As the UNFCCC (United Nations Framework Convention on Climate Change) Conference begins in Durban, South Africa, there will be few holding their breath that a major breakthrough decision will occur. For its part, China has specifically stated that it is against any binding commitments on carbon levels. Moreover, in 1991 the Beijing declaration set forth the arguments in writing that the “developed countries bear responsibility for the degradation of the global environment…[and] have over-exploited the world’s natural resources…”

China’s position on Climate Change is that yes, it is an issue. But they are unwilling to enter into any internationally binding agreements that limit its ability to make sovereign decisions. This is due in part to China’s development and with it the CCPs legitimacy tied to GDP growth. They must find a way to keep GDP growth high while limiting the impact on the environment and building what Hu Jintao calls a “harmonious society.”

China knows full well the impact that climate and environmental degradation can have on their society. Going back through the turbulent history there are examples of famines and floods where the sheer number of lives lost would equal to the entire population of some western developed states such as Australia or New Zealand.

Yet in this modern era and with China’s integration into the economic system, after the 1978 reforms by Deng Xiaoping, there is a pressing need to change China’s growth model.

China is the factory to the world and as such has paid a high price for the developed world to pay a low one. But the shift is occurring whereby a two-fold action is taking place. First, the price of its labour is increasing against the rise of places like Vietnam. Second, the global players like the United States are not buying en masse the Chinese made goods to fill their Wal-Mart’s like they used too. The US can no longer afford to fuel their bubble economy through pushing consumption patterns.

The reforms taking place in China have put an emphasis on increasing their own internal consumption yet the central government understands the lasting implications the first thirty years of reform and opening have had on the environment. The core problem then is how to implement these types of environmental protection measures in the face of a massive and complicated bureaucracy with a tiao-kuai system. As Kenneth Lieberthal points out in Governing China: From Revolution to Reform, China has a type of “fragmented authoritarianism” meaning that the issues coming from the center do no always get implemented down the line.

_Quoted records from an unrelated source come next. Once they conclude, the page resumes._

(* Let $\mathcal V$ be braided monoidal closed, $H$ a Hopf $\mathcal V$-category with invertible antipode $s$, and $t$ a non-singular left integral family for $H$. Let $x\in X$ and let $f_x,g_x\colon H_{x,x}\to I$ be morphisms such that $$(1\otimes f_x)\circ\delta_{xx}\circ t^{xx}=j_x\quad\text{and}\quad (g_x\otimes1)\circ\delta_{xx}\circ t^{xx}=j_x .$$ Then $g_x=f_x\circ s_{xx}^{-1}$. In particular, if $\bar p_x$ is a right inverse of $p_{xx}$ and $\bar q_x$ a right inverse of $q_{xx}$, then $$\mathrm{ev}_{xx}\circ(\bar p_x\otimes1)\circ(j_x\otimes1)=\mathrm{ev}_{xx}\circ\sigma_{H_{x,x},H^*_{x,x}}\circ(1\otimes\bar q_x)\circ(1\otimes j_x)\circ s_{xx}^{-1}\colon H_{x,x}\to I.$$
   Context: $\mathcal V$ is a braided monoidal category with tensor $\otimes$, unit $I$, braiding $\sigma$ (unit constraints suppressed), which is closed; $A^*_{x,y}:=[A_{x,y},I]$ with evaluation $\mathrm{ev}_{xy}\colon A^*_{x,y}\otimes A_{x,y}\to I$. A $\mathcal V$-category $A$ with object set $X$ has objects $A_{x,y}$, compositions $m_{xyz}\colon A_{x,y}\otimes A_{y,z}\to A_{x,z}$, units $j_x\colon I\to A_{x,x}$, associative and unital. Semi-Hopf: each $A_{x,y}$ is a comonoid $(\delta_{xy},\epsilon_{xy})$ and all $m_{xyz},j_x$ are comonoid morphisms. Hopf: there are $s_{xy}\colon A_{x,y}\to A_{y,x}$ with $m_{xyx}\circ(1\otimes s_{xy})\circ\delta_{xy}=j_x\circ\epsilon_{xy}$ and $m_{yxy}\circ(s_{xy}\otimes1)\circ\delta_{xy}=j_y\circ\epsilon_{xy}$; invertible antipode means each $s_{xy}$ is an isomorphism. Left integral family: $t^{xy}\colon I\to A_{x,y}$ with $m_{zxy}\circ(1\otimes t^{xy})=t^{zy}\circ\epsilon_{zx}$ for all $x,y,z$. For such $t$: $p_{xy}:=(\mathrm{ev}_{xy}\otimes1)\circ(1\otimes\delta_{xy})\circ(1\otimes t^{xy})\colon A^*_{x,y}\to A_{x,y}$ and $q_{xy}:=(1\otimes\mathrm{ev}_{xy})\circ(1\otimes\sigma_{A_{x,y},A^*_{x,y}})\circ(\delta_{xy}\otimes1)\circ(t^{xy}\otimes1)\colon A^*_{x,y}\to A_{x,y}$. $t$ is non-singular if all $p_{xx}$ and all $q_{xx}$ ($x\in X$) are split epimorphisms. *)

(* Hom-sets carry Leibniz equality. *)
Set Implicit Arguments.
Unset Strict Implicit.

Record Cat := {
  Ob :> Type;
  Hom : Ob -> Ob -> Type;
  cmp : forall a b c : Ob, Hom b c -> Hom a b -> Hom a c;
  idm : forall a : Ob, Hom a a }.
Arguments cmp {_ _ _ _} _ _.
Arguments idm {_} _.
Arguments Hom : clear implicits.

Record CatAx (C : Cat) : Prop := {
  cmpA : forall a b c d (f : Hom C c d) (g : Hom C b c) (h : Hom C a b),
      cmp f (cmp g h) = cmp (cmp f g) h;
  cmp1l : forall a b (f : Hom C a b), cmp (idm b) f = f;
  cmp1r : forall a b (f : Hom C a b), cmp f (idm a) = f }.

Record MonData (C : Cat) := {
  tens : C -> C -> C;
  tensm : forall a b c d : C, Hom C a b -> Hom C c d -> Hom C (tens a c) (tens b d);
  unitI : C;
  alpha : forall a b c : C, Hom C (tens (tens a b) c) (tens a (tens b c));
  alphainv : forall a b c : C, Hom C (tens a (tens b c)) (tens (tens a b) c);
  lam : forall a : C, Hom C (tens unitI a) a;
  laminv : forall a : C, Hom C a (tens unitI a);
  rho : forall a : C, Hom C (tens a unitI) a;
  rhoinv : forall a : C, Hom C a (tens a unitI);
  braid : forall a b : C, Hom C (tens a b) (tens b a);
  braidinv : forall a b : C, Hom C (tens b a) (tens a b) }.
Arguments tensm {_} _ {_ _ _ _} _ _.

Record ClosedData (C : Cat) (M : MonData C) := {
  ihom : C -> C -> C;
  ev : forall b c : C, Hom C (tens M (ihom b c) b) c;
  cur : forall a b c : C, Hom C (tens M a b) c -> Hom C a (ihom b c) }.

Section BMCAxSec.
Variables (C : Cat) (M : MonData C) (K : ClosedData M).
Local Notation "g ∘ f" := (cmp g f) (at level 40, left associativity).
Local Notation "a ⊗ b" := (tens M a b) (at level 30, right associativity).
Local Notation "f ⊠ g" := (tensm M f g) (at level 35, right associativity).
Local Notation α := (alpha M).
Local Notation α' := (alphainv M).
Local Notation σ := (braid M).
Local Notation I := (unitI M).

Western scholars know the high levels of corruption within China exist and in fact it is quite clear where the party ends and private business begins. This kind of scenario leads to protection from prosecution and overlooking of environmental issues, for example large aluminum plants polluting the local water source. As such environmental issues are widely believed to be a major problem in China by Chinese people themselves and the state. It was a matter of saving face that the CCP spent so much money in 2008 to have clear blue skies during the Olympics by moving many polluting industries into the countryside.

China understands why they don’t have blue skies all over the country. They paid a price for their speedy development by overlooking environmental standards. They advantage of poor regulation is now losing its appeal as costs of degradation are mounting. China is a changing country and has adopted the global view on environmental issues, albeit in a non-binding form. To prove just how serious China is about both tackling its corruption issue as well as its environmental problems, their department leaders were elevated to the Politburo Standing Committee and State Council respectively.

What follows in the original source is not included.